American, b. 1972
Siberian permafrost thaw, Duvannyi Yar, Kolyma River, Siberia, July 21, 2010
Archival inkjet print
“Since the last ice age, vast reserves of plant and animal matter have been locked up in frozen arctic soil, or permafrost. However, as temperatures rise, permafrost is thawing, and the gooey carbon-rich soil is becoming food for microbes. As they consume this ancient carbon, they respire methane and carbon dioxide, potent greenhouse gases. The amount of carbon stored in Arctic permafrost is estimated to be 1,500 gigatons—double what is currently in our atmosphere.”

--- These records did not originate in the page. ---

(* Assume that for every $t\in\mathcal T$ and every $\underline\pi_t\in\times_{j\in\mathcal N}\mathcal P(\mathcal X^j)$ the fixed-point condition of the backward recursion (see context) has a solution, so that the equilibrium generating function $\theta$ and the value functions $V^i_t$ are well defined, and let $(\beta^*,\mu^* )$ be produced by the forward recursion. Then $(\beta^*,\mu^* )$ is a perfect Bayesian equilibrium. In particular, for every $i\in\mathcal N$, every $t\in\mathcal T$, every public history $a_{1:t-1}\in\mathcal A^{t-1}$, every private history $x^i_{1:t}\in(\mathcal X^i)^t$ and every (general behavioral) strategy $\beta^i$ of player $i$, $$\mathbb E^{\beta^{*,i}_{t:T}\beta^{*,-i}_{t:T},\,\mu^*_t[a_{1:t-1}]}\Big\{\sum_{n=t}^T R^i(X_n,A_n)\,\Big|\,a_{1:t-1},x^i_{1:t}\Big\}\;\ge\;\mathbb E^{\beta^{i}_{t:T}\beta^{*,-i}_{t:T},\,\mu^*_t[a_{1:t-1}]}\Big\{\sum_{n=t}^T R^i(X_n,A_n)\,\Big|\,a_{1:t-1},x^i_{1:t}\Big\}.$$
   Context: Model: players $\mathcal N=\{1,\dots,N\}$, horizon $\mathcal T=\{1,\dots,T\}$. Player $i$ has a finite type set $\mathcal X^i$ and a finite action set $\mathcal A^i$; $\mathcal X=\times_i\mathcal X^i$, $\mathcal A=\times_i\mathcal A^i$. Types evolve as $P(x_1)=\prod_i Q^i_1(x^i_1)$ and $P(x_{t+1}\mid x_{1:t},a_{1:t})=\prod_i Q^i_{t+1}(x^i_{t+1}\mid x^i_t,a_t)$ for known kernels $Q^i_{t}$ (each kernel may depend on the full action profile $a_t$; $Q^i_{T+1}$ is an arbitrary kernel, irrelevant for rewards). Player $i$ privately observes its own types; all actions are publicly observed, so at time $t$ player $i$ knows $(a_{1:t-1},x^i_{1:t})$. A behavioral strategy of player $i$ gives $\beta^i_t(\cdot\mid a_{1:t-1},x^i_{1:t})\in\mathcal P(\mathcal A^i)$; players randomize independently given their information. Player $i$ receives reward $R^i(x_t,a_t)$ at each time $t$. Notation: $-i$ denotes all players except $i$; $\mathcal P(S)$ is the set of probability distributions on $S$. Belief update: for $\pi^i\in\mathcal P(\mathcal X^i)$, a prescription $\gamma^i:\mathcal X^i\to\mathcal P(\mathcal A^i)$ (written $\gamma^i(a^i|x^i)$), $a\in\mathcal A$ and $t\in\mathcal T$, let $\bar F_t(\pi^i,\gamma^i,a)(y)=\frac{\sum_{x}\pi^i(x)\gamma^i(a^i|x)Q^i_{t+1}(y|x,a)}{\sum_x\pi^i(x)\gamma^i(a^i|x)}$ for $y\in\mathcal X^i$ if the denominator is positive, and $\bar F_t(\pi^i,\gamma^i,a)(y)=\sum_x\pi^i(x)Q^i_{t+1}(y|x,a)$ otherwise. For $\underline\pi=(\pi^j)_{j}$ and $\gamma=(\gamma^j)_j$, $F_t(\underline\pi,\gamma,a)=(\bar F_t(\pi^j,\gamma^j,a))_{j\in\mathcal N}$. Backward recursion: $V^i_{T+1}\equiv0$. For $t=T,\dots,1$ and each $\underline\pi_t=(\pi^j_t)_j\in\times_j\mathcal P(\mathcal X^j)$, $\theta_t[\underline\pi_t]=\tilde\gamma_t=(\tilde\gamma^j_t)_j$ (each $\tilde\gamma^j_t:\mathcal X^j\to\mathcal P(\mathcal A^j)$) is a solution of the following fixed-point condition: for every $i$ and every $x^i\in\mathcal X^i$, $\tilde\gamma^i_t(\cdot|x^i)$ maximizes over $\gamma^i(\cdot|x^i)\in\mathcal P(\mathcal A^i)$ the quantity $$W^i_t(\gamma^i(\cdot|x^i))=\sum_{x^{-i},a,y}\Big[\prod_{j\ne i}\pi^j_t(x^j)\Big]\gamma^i(a^i|x^i)\Big[\prod_{j\ne i}\tilde\gamma^j_t(a^j|x^j)\Big]Q^i_{t+1}(y|x^i,a)\Big[R^i((x^i,x^{-i}),a)+V^i_{t+1}\big(F_t(\underline\pi_t,\tilde\gamma_t,a),y\big)\Big]$$ (the belief update inside uses $\tilde\gamma_t$, not the maximization variable); $\theta_t$ selects one such solution for each $\underline\pi_t$. Then $V^i_t(\underline\pi_t,x^i)=W^i_t(\tilde\gamma^i_t(\cdot|x^i))$. Forward recursion: $\mu^{*,i}_1[\emptyset]=Q^i_1$. For $t=1,\dots,T$ and every public history: $\underline\mu^*_t[a_{1:t-1}]=(\mu^{*,j}_t[a_{1:t-1}])_j$, $\mu^*_t[a_{1:t-1}](x)=\prod_j\mu^{*,j}_t[a_{1:t-1}](x^j)$; $\beta^{*,i}_t(a^i_t\mid a_{1:t-1},x^i_{1:t})=\theta^i_t[\underline\mu^*_t[a_{1:t-1}]](a^i_t\mid x^i_t)$; $\mu^{*,i}_{t+1}[a_{1:t}]=\bar F_t\big(\mu^{*,i}_t[a_{1:t-1}],\theta^i_t[\underline\mu^*_t[a_{1:t-1}]],a_t\big)$. All players use the common belief $\mu^*_t[a_{1:t-1}]$; player $i$'s belief on $x^{-i}_t$ is $\prod_{j\ne i}\mu^{*,j}_t[a_{1:t-1}]$. Conditional expectation notation: for a strategy $\beta^i$ of player $i$, $\mathbb E^{\beta^i_{t:T}\beta^{*,-i}_{t:T},\,\mu^*_t[a_{1:t-1}]}\{\cdot\mid a_{1:t-1},x^i_{1:t}\}$ is the expectation under the process in which $X^i_t=x^i_t$, $X^{-i}_t\sim\prod_{j\ne i}\mu^{*,j}_t[a_{1:t-1}]$, and for $n=t,\dots,T$, given everything realized so far (public history $a_{1:n-1}$ extending the given one, private history $x^i_{1:n}$ extending the given $x^i_{1:t}$), $A^i_n\sim\beta^i_n(\cdot|a_{1:n-1},x^i_{1:n})$ and $A^j_n\sim\beta^{*,j}_n(\cdot|a_{1:n-1},X^j_n)$ independently for $j\ne i$, and $X^j_{n+1}\sim Q^j_{n+1}(\cdot|X^j_n,A_n)$ independently over $j$. *)

From HB Require Import structures.
From mathcomp Require Import all_boot all_order all_algebra.
Unset Implicit Arguments. Unset Strict Implicit. Unset Printing Implicit Defensive.
Import Order.TTheory GRing.Theory Num.Theory.
Local Open Scope ring_scope.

This photograph springs from Polaris Project: Science in Siberia, a project where he worked alongside college students and scientists studying Arctic permafrost. A video documenting this effort appears on the artist’s website.
As rising temperatures melt the frozen earth, which covers 24% of the Northern Hemisphere, carbon is released into the water and atmosphere. Linder introduces the public to this phenomenon, a story not as well known as the meltdown of the world’s glaciers.
As an oceanographer and photographer, Linder has also collaborated with scientists and journalists to publish Science on Ice: Four Polar Expeditions. An intimate look into climate change research, this book also celebrates the majesty and complexity of Arctic and Antarctic landscapes.